(* Let $(G,f)\in\mathcal C$ with $|V(G)|=\aleph_0$. If $P$ is a hereditary property and $P(G,f)$ holds, then $G$ possesses a perfect $f$-factor.
   Context: A graph is $G=(V,E)$ with $V$ a nonempty set and $E\subseteq\{e\subseteq V:|e|=2\}$. For $F\subseteq E$ and $x\in V$, $d_F(x)$ is the cardinal $|\{e\in F:x\in e\}|$. For $f:V\to$ Cardinals, an $f$-factor of $G$ is $F\subseteq E$ with $d_F(x)\le f(x)$ for all $x$; it is perfect if $d_F(x)=f(x)$ for all $x$. $\mathcal C$ is the class of all pairs $(G,f)$ with $G=(V,E)$ a graph, $f:V\to$ Cardinals, and $f(x)\le d_E(x)$ for all $x\in V$. A property $P$ is a class of pairs; $P(G,f)$ means that $(G,f)\in\mathcal C$ and $(G,f)$ has property $P$. For $x,y\in V$, $G-\{x,y\}$ denotes $(V,E\setminus\{\{x,y\}\})$, and $f_{x,y}(v)=f(v)-1$ if $v\in\{x,y\}$ and $1\le f(v)<\aleph_0$, $f_{x,y}(v)=f(v)$ otherwise. $P$ is hereditary if for every $(G,f)$ with $P(G,f)$ and every $x\in V(G)$ with $f(x)>0$ there is $y\in V(G)$ with $f(y)>0$, $\{x,y\}\in E(G)$ and $P(G-\{x,y\},f_{x,y})$. *)

From Stdlib Require Import List ClassicalEpsilon.
Import ListNotations.
Set Implicit Arguments.

(* Cardinals that can occur as degrees in a graph with countably many
   vertices: finite cardinals n, and aleph_0 (Inf). *)
Inductive card : Type := Fin (n : nat) | Inf.

Definition card_le (a b : card) : Prop :=
  match a, b with
  | Fin m, Fin n => m <= n
  | _, Inf => True
  | Inf, Fin _ => False
  end.

Section Graphs.
Variable V : Type.

Definition is_graph (E : V -> V -> Prop) : Prop :=
  (forall x y, E x y -> E y x) /\ (forall x, ~ E x x).

Definition edge_subset (F E : V -> V -> Prop) : Prop :=
  (forall x y, F x y -> F y x) /\ (forall x y, F x y -> E x y).

Definition has_deg (F : V -> V -> Prop) (x : V) (c : card) : Prop :=
  match c with
  | Fin n => exists l : list V, NoDup l /\ length l = n /\
               (forall y, F x y <-> In y l)
  | Inf => ~ (exists l : list V, forall y, F x y -> In y l)
  end.

Definition inC (E : V -> V -> Prop) (f : V -> card) : Prop :=
  is_graph E /\ forall x, exists c, has_deg E x c /\ card_le (f x) c.

Definition holds (P : (V -> V -> Prop) -> (V -> card) -> Prop)
  (E : V -> V -> Prop) (f : V -> card) : Prop := inC E f /\ P E f.

Definition remove_edge (E : V -> V -> Prop) (x y : V) : V -> V -> Prop :=
  fun u v => E u v /\ ~ ((u = x /\ v = y) \/ (u = y /\ v = x)).

Definition card_pred (c : card) : card :=
  match c with
  | Fin (S n) => Fin n
  | c' => c'
  end.

Definition f_dec (f : V -> card) (x y : V) : V -> card :=
  fun v => if excluded_middle_informative (v = x \/ v = y)
           then card_pred (f v) else f v.

Definition hereditary (P : (V -> V -> Prop) -> (V -> card) -> Prop) : Prop :=
  forall (E : V -> V -> Prop) (f : V -> card), holds P E f ->
  forall x, f x <> Fin 0 ->
  exists y, f y <> Fin 0 /\ E x y /\ holds P (remove_edge E x y) (f_dec f x y).

Definition countably_infinite : Prop :=
  exists g : nat -> V, (forall m n, g m = g n -> m = n) /\ (forall v, exists n, g n = v).

End Graphs.

(* Enumerate V along a schedule that visits every vertex infinitely often and
   run a greedy process: when the scheduled vertex x still has positive residual
   demand, heredity supplies a neighbour y such that P survives deleting the
   edge xy and decrementing the demands of x and y; record xy as chosen.  The
   chosen edges at v plus the residual demand of v always add up to f(v).  A
   vertex with finite demand is visited until its demand is exhausted, and is
   never touched again afterwards; a vertex with infinite demand keeps it forever
   and so gains a new chosen edge at each visit.  The union of all chosen edges
   is therefore a perfect f-factor. *)

From Stdlib Require Import List ClassicalEpsilon Classical Lia Arith Cantor.
Import ListNotations.
Set Implicit Arguments.

Section EdgeLists.
Variable V : Type.

Definition edges_of (L : list (V * V)) (u v : V) : Prop := In (u, v) L \/ In (v, u) L.

Lemma edges_of_cons x y L u v :
  edges_of ((x, y) :: L) u v <-> (u = x /\ v = y) \/ (u = y /\ v = x) \/ edges_of L u v.
Proof.
  unfold edges_of; simpl; split.
  - intros [[e|h]|[e|h]]; try (injection e as -> ->); tauto.
  - intros [[-> ->]|[[-> ->]|[h|h]]]; tauto.
Qed.

(* Each occurrence of v in an edge of L contributes the other endpoint, so a
   loop (v, v) would contribute v twice. *)
Fixpoint neighbours (v : V) (L : list (V * V)) : list V :=
  match L with
  | [] => []
  | (a, b) :: L' =>
      (if excluded_middle_informative (v = a) then [b] else []) ++
      (if excluded_middle_informative (v = b) then [a] else []) ++ neighbours v L'
  end.

Lemma in_neighbours v L y : In y (neighbours v L) <-> edges_of L v y.
Proof.
  induction L as [|[a b] L IH]; [unfold edges_of; simpl; tauto|].
  rewrite edges_of_cons, <- IH; simpl.
  destruct (excluded_middle_informative (v = a)), (excluded_middle_informative (v = b));
    simpl; rewrite ?in_app_iff; simpl; split; intuition congruence.
Qed.

Lemma neighbours_app v L M : neighbours v (L ++ M) = neighbours v L ++ neighbours v M.
Proof.
  induction L as [|[a b] L IH]; simpl; [reflexivity|].
  rewrite IH, !app_assoc; reflexivity.
Qed.

Lemma length_neighbours_cons_self x y L :
  S (length (neighbours x L)) <= length (neighbours x ((x, y) :: L)).
Proof.
  simpl; destruct (excluded_middle_informative (x = x)) as [_|]; [|congruence].
  destruct (excluded_middle_informative (x = y)); simpl; lia.
Qed.

Lemma length_neighbours_cons x y L v : x <> y ->
  length (neighbours v ((x, y) :: L)) =
  (if excluded_middle_informative (v = x \/ v = y) then 1 else 0) + length (neighbours v L).
Proof.
  intro xy; simpl.
  destruct (excluded_middle_informative (v = x)), (excluded_middle_informative (v = y)),
    (excluded_middle_informative (v = x \/ v = y)); simpl; intuition congruence.
Qed.

Lemma NoDup_neighbours_cons x y L : x <> y -> ~ edges_of L x y ->
  (forall v, NoDup (neighbours v L)) -> forall v, NoDup (neighbours v ((x, y) :: L)).
Proof.
  intros xy fresh nodup v; simpl.
  destruct (excluded_middle_informative (v = x)) as [vx|vx];
    destruct (excluded_middle_informative (v = y)) as [vy|vy]; simpl; subst;
    try congruence.
  - constructor; [rewrite in_neighbours|]; auto.
  - constructor; [rewrite in_neighbours; unfold edges_of in *; tauto|auto].
  - auto.
Qed.

End EdgeLists.

Definition card_add (c : card) (n : nat) : card :=
  match c with Fin m => Fin (m + n) | Inf => Inf end.

Lemma card_add_pred_succ c n : c <> Fin 0 -> card_add (card_pred c) (S n) = card_add c n.
Proof. destruct c as [[|m]|]; simpl; intro; [congruence|f_equal; lia|reflexivity]. Qed.

Definition fair_schedule (V : Type) (g : nat -> V) (k : nat) : V := g (fst (Cantor.of_nat k)).

Lemma fair_schedule_recurrent (V : Type) (g : nat -> V) i K :
  exists k, K <= k /\ fair_schedule g k = g i.
Proof.
  exists (Cantor.to_nat (i, K)); split.
  - pose proof (Cantor.to_nat_non_decreasing i K); lia.
  - unfold fair_schedule; rewrite Cantor.cancel_of_to; reflexivity.
Qed.

Section GreedyProcess.
Variable V : Type.
Variable E : V -> V -> Prop.
Variable f : V -> card.
Variable P : (V -> V -> Prop) -> (V -> card) -> Prop.
Hypothesis P_hereditary : hereditary P.
Hypothesis P_E_f : holds P E f.
Variable sched : nat -> V.

Lemma E_graph : is_graph E.
Proof. exact (proj1 (proj1 P_E_f)). Qed.

Record state : Type := State {
  residual : V -> V -> Prop;
  demand : V -> card;
  chosen : list (V * V)
}.

Definition good_choice (s : state) (x y : V) : Prop :=
  demand s y <> Fin 0 /\ residual s x y /\
  holds P (remove_edge (residual s) x y) (f_dec (demand s) x y).

Definition extend (s : state) (x y : V) : state :=
  State (remove_edge (residual s) x y) (f_dec (demand s) x y) ((x, y) :: chosen s).

Definition step (x : V) (s : state) : state :=
  if excluded_middle_informative (demand s x = Fin 0) then s
  else extend s x (epsilon (inhabits x) (good_choice s x)).

Fixpoint run (k : nat) : state :=
  match k with 0 => State E f [] | S k => step (sched k) (run k) end.

Record consistent (s : state) : Prop := {
  consistent_holds : holds P (residual s) (demand s);
  consistent_residual : forall u v, residual s u v -> E u v /\ ~ edges_of (chosen s) u v;
  consistent_chosen : forall u v, edges_of (chosen s) u v -> E u v;
  consistent_NoDup : forall v, NoDup (neighbours v (chosen s));
  consistent_degree : forall v, card_add (demand s v) (length (neighbours v (chosen s))) = f v
}.

Lemma consistent_init : consistent (State E f []).
Proof.
  split; simpl.
  - exact P_E_f.
  - unfold edges_of; simpl; tauto.
  - unfold edges_of; simpl; tauto.
  - constructor.
  - intro v; destruct (f v); simpl; [rewrite Nat.add_0_r|]; reflexivity.
Qed.

Lemma consistent_extend s x y : consistent s -> demand s x <> Fin 0 ->
  good_choice s x y -> consistent (extend s x y).
Proof.
  intros [Hholds Hres Hch Hnd Hdeg] x_pos [y_pos [Rxy Hxy]].
  destruct E_graph as [E_sym E_irr].
  destruct (Hres x y Rxy) as [Exy fresh].
  assert (xy : x <> y) by (intros ->; exact (E_irr y Exy)).
  split; cbn [residual demand chosen extend].
  - exact Hxy.
  - intros u v [Ruv not_xy]; rewrite edges_of_cons.
    destruct (Hres u v Ruv); tauto.
  - intros u v; rewrite edges_of_cons.
    intros [[-> ->]|[[-> ->]|h]]; auto.
  - exact (NoDup_neighbours_cons xy fresh Hnd).
  - intro v; rewrite length_neighbours_cons by exact xy; unfold f_dec.
    destruct (excluded_middle_informative (v = x \/ v = y)) as [[-> | ->]|_];
      [rewrite card_add_pred_succ; auto..|apply Hdeg].
Qed.

Lemma consistent_step x s : consistent s -> consistent (step x s).
Proof.
  intro Hs; unfold step.
  destruct (excluded_middle_informative (demand s x = Fin 0)) as [_|x_pos]; [exact Hs|].
  apply consistent_extend; auto.
  apply epsilon_spec, P_hereditary; [exact (consistent_holds Hs)|exact x_pos].
Qed.

Lemma consistent_run k : consistent (run k).
Proof. induction k; [exact consistent_init|apply consistent_step; assumption]. Qed.

Lemma chosen_step_suffix x s : exists L, chosen (step x s) = L ++ chosen s.
Proof.
  unfold step; destruct (excluded_middle_informative _);
    [exists []|eexists [(x, _)]]; reflexivity.
Qed.

Lemma chosen_run_suffix k k' : k <= k' -> exists L, chosen (run k') = L ++ chosen (run k).
Proof.
  induction 1 as [|k' _ [L IH]]; [exists []; reflexivity|].
  destruct (chosen_step_suffix (sched k') (run k')) as [L' HL'].
  exists (L' ++ L); simpl; rewrite HL', IH, app_assoc; reflexivity.
Qed.

Lemma neighbours_run_incl j k v y : j <= k ->
  In y (neighbours v (chosen (run j))) -> In y (neighbours v (chosen (run k))).
Proof.
  intros jk; destruct (chosen_run_suffix jk) as [L ->].
  rewrite neighbours_app; intro; apply in_or_app; auto.
Qed.

(* Once the demand of v is exhausted, the degree accounting of [consistent]
   leaves no room for a further chosen edge at v. *)
Lemma neighbours_run_saturated k k' v : demand (run k) v = Fin 0 -> k <= k' ->
  neighbours v (chosen (run k')) = neighbours v (chosen (run k)).
Proof.
  intros zero kk'; destruct (chosen_run_suffix kk') as [L HL].
  pose proof (consistent_degree (consistent_run k) v) as Dk.
  pose proof (consistent_degree (consistent_run k') v) as Dk'.
  rewrite HL, neighbours_app in Dk' |- *; rewrite length_app, <- Dk, zero in Dk'.
  destruct (neighbours v L); [reflexivity|].
  destruct (demand (run k') v); simpl in Dk'; [injection Dk'; lia|discriminate].
Qed.

Lemma neighbours_unbounded v :
  (forall K, exists k, K <= k /\ sched k = v) -> (forall k, demand (run k) v <> Fin 0) ->
  forall N, exists k, N <= length (neighbours v (chosen (run k))).
Proof.
  intros visits pos N; induction N as [|N [k Hk]]; [exists 0; lia|].
  destruct (visits k) as [k1 [kk1 <-]].
  exists (S k1).
  assert (grow : S (length (neighbours (sched k1) (chosen (run k1))))
                 <= length (neighbours (sched k1) (chosen (run (S k1))))).
  { simpl; unfold step.
    destruct (excluded_middle_informative _) as [zero|_]; [destruct (pos k1 zero)|].
    apply length_neighbours_cons_self. }
  destruct (chosen_run_suffix kk1) as [L HL].
  rewrite HL, neighbours_app, length_app in grow; lia.
Qed.

Definition chosen_edges (u v : V) : Prop := exists k, edges_of (chosen (run k)) u v.

Lemma chosen_edges_subset : edge_subset chosen_edges E.
Proof.
  split.
  - intros u v [k h]; exists k; unfold edges_of in *; tauto.
  - intros u v [k h]; exact (consistent_chosen (consistent_run k) h).
Qed.

Lemma demand_run_exhausted v n : (forall K, exists k, K <= k /\ sched k = v) ->
  f v = Fin n -> exists k, demand (run k) v = Fin 0.
Proof.
  intros visits fv; apply NNPP; intro never.
  destruct (neighbours_unbounded visits (fun k z => never (ex_intro _ k z)) (S n)) as [k Hk].
  pose proof (consistent_degree (consistent_run k) v) as deg; rewrite fv in deg.
  destruct (demand (run k) v); simpl in deg; [injection deg; lia|discriminate].
Qed.

Lemma demand_run_Inf v k : f v = Inf -> demand (run k) v = Inf.
Proof.
  pose proof (consistent_degree (consistent_run k) v) as deg.
  destruct (demand (run k) v); simpl in deg; congruence.
Qed.

Lemma has_deg_chosen_edges v : (forall K, exists k, K <= k /\ sched k = v) ->
  has_deg chosen_edges v (f v).
Proof.
  intro visits; destruct (f v) as [n|] eqn:fv.
  - destruct (demand_run_exhausted visits fv) as [k0 zero].
    exists (neighbours v (chosen (run k0))); repeat split.
    + exact (consistent_NoDup (consistent_run k0) v).
    + pose proof (consistent_degree (consistent_run k0) v) as deg.
      rewrite zero, fv in deg; injection deg; lia.
    + intros [j Hj]; rewrite <- (neighbours_run_saturated v zero (Nat.le_max_r j k0)).
      apply (neighbours_run_incl v y (Nat.le_max_l j k0)), in_neighbours, Hj.
    + intro Hy; exists k0; apply in_neighbours, Hy.
  - intros [l Hl].
    assert (pos : forall k, demand (run k) v <> Fin 0)
      by (intro k; rewrite (demand_run_Inf k fv); discriminate).
    destruct (neighbours_unbounded visits pos (S (length l))) as [k Hk].
    assert (length (neighbours v (chosen (run k))) <= length l); [|lia].
    apply NoDup_incl_length; [exact (consistent_NoDup (consistent_run k) v)|].
    intros y Hy; apply Hl; exists k; apply in_neighbours, Hy.
Qed.

End GreedyProcess.

Theorem theorem1 (V : Type) (E : V -> V -> Prop) (f : V -> card)
  (P : (V -> V -> Prop) -> (V -> card) -> Prop) :
  countably_infinite V -> inC E f -> hereditary P -> holds P E f ->
  exists F : V -> V -> Prop, edge_subset F E /\ forall x, has_deg F x (f x).
Proof.
  intros [g [_ g_onto]] _ P_hereditary P_E_f.
  exists (chosen_edges E f P (fair_schedule g)); split.
  - exact (chosen_edges_subset P_hereditary P_E_f (fair_schedule g)).
  - intro v; apply has_deg_chosen_edges; [exact P_hereditary|exact P_E_f|].
    intro K; destruct (g_onto v) as [i <-]; apply fair_schedule_recurrent.
Qed.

•••••

__Requirement__. In the records above, find the line with "[rewrite card_add_pred_succ; auto..|apply"; write out exactly that line and each one after it, stopping after the line with "Lemma neighbours_unbounded v".

__Answer area__.
      [rewrite card_add_pred_succ; auto..|apply Hdeg].
Qed.

Lemma consistent_step x s : consistent s -> consistent (step x s).
Proof.
  intro Hs; unfold step.
  destruct (excluded_middle_informative (demand s x = Fin 0)) as [_|x_pos]; [exact Hs|].
  apply consistent_extend; auto.
  apply epsilon_spec, P_hereditary; [exact (consistent_holds Hs)|exact x_pos].
Qed.

Lemma consistent_run k : consistent (run k).
Proof. induction k; [exact consistent_init|apply consistent_step; assumption]. Qed.

Lemma chosen_step_suffix x s : exists L, chosen (step x s) = L ++ chosen s.
Proof.
  unfold step; destruct (excluded_middle_informative _);
    [exists []|eexists [(x, _)]]; reflexivity.
Qed.

Lemma chosen_run_suffix k k' : k <= k' -> exists L, chosen (run k') = L ++ chosen (run k).
Proof.
  induction 1 as [|k' _ [L IH]]; [exists []; reflexivity|].
  destruct (chosen_step_suffix (sched k') (run k')) as [L' HL'].
  exists (L' ++ L); simpl; rewrite HL', IH, app_assoc; reflexivity.
Qed.

Lemma neighbours_run_incl j k v y : j <= k ->
  In y (neighbours v (chosen (run j))) -> In y (neighbours v (chosen (run k))).
Proof.
  intros jk; destruct (chosen_run_suffix jk) as [L ->].
  rewrite neighbours_app; intro; apply in_or_app; auto.
Qed.

(* Once the demand of v is exhausted, the degree accounting of [consistent]
   leaves no room for a further chosen edge at v. *)
Lemma neighbours_run_saturated k k' v : demand (run k) v = Fin 0 -> k <= k' ->
  neighbours v (chosen (run k')) = neighbours v (chosen (run k)).
Proof.
  intros zero kk'; destruct (chosen_run_suffix kk') as [L HL].
  pose proof (consistent_degree (consistent_run k) v) as Dk.
  pose proof (consistent_degree (consistent_run k') v) as Dk'.
  rewrite HL, neighbours_app in Dk' |- *; rewrite length_app, <- Dk, zero in Dk'.
  destruct (neighbours v L); [reflexivity|].
  destruct (demand (run k') v); simpl in Dk'; [injection Dk'; lia|discriminate].
Qed.

Lemma neighbours_unbounded v :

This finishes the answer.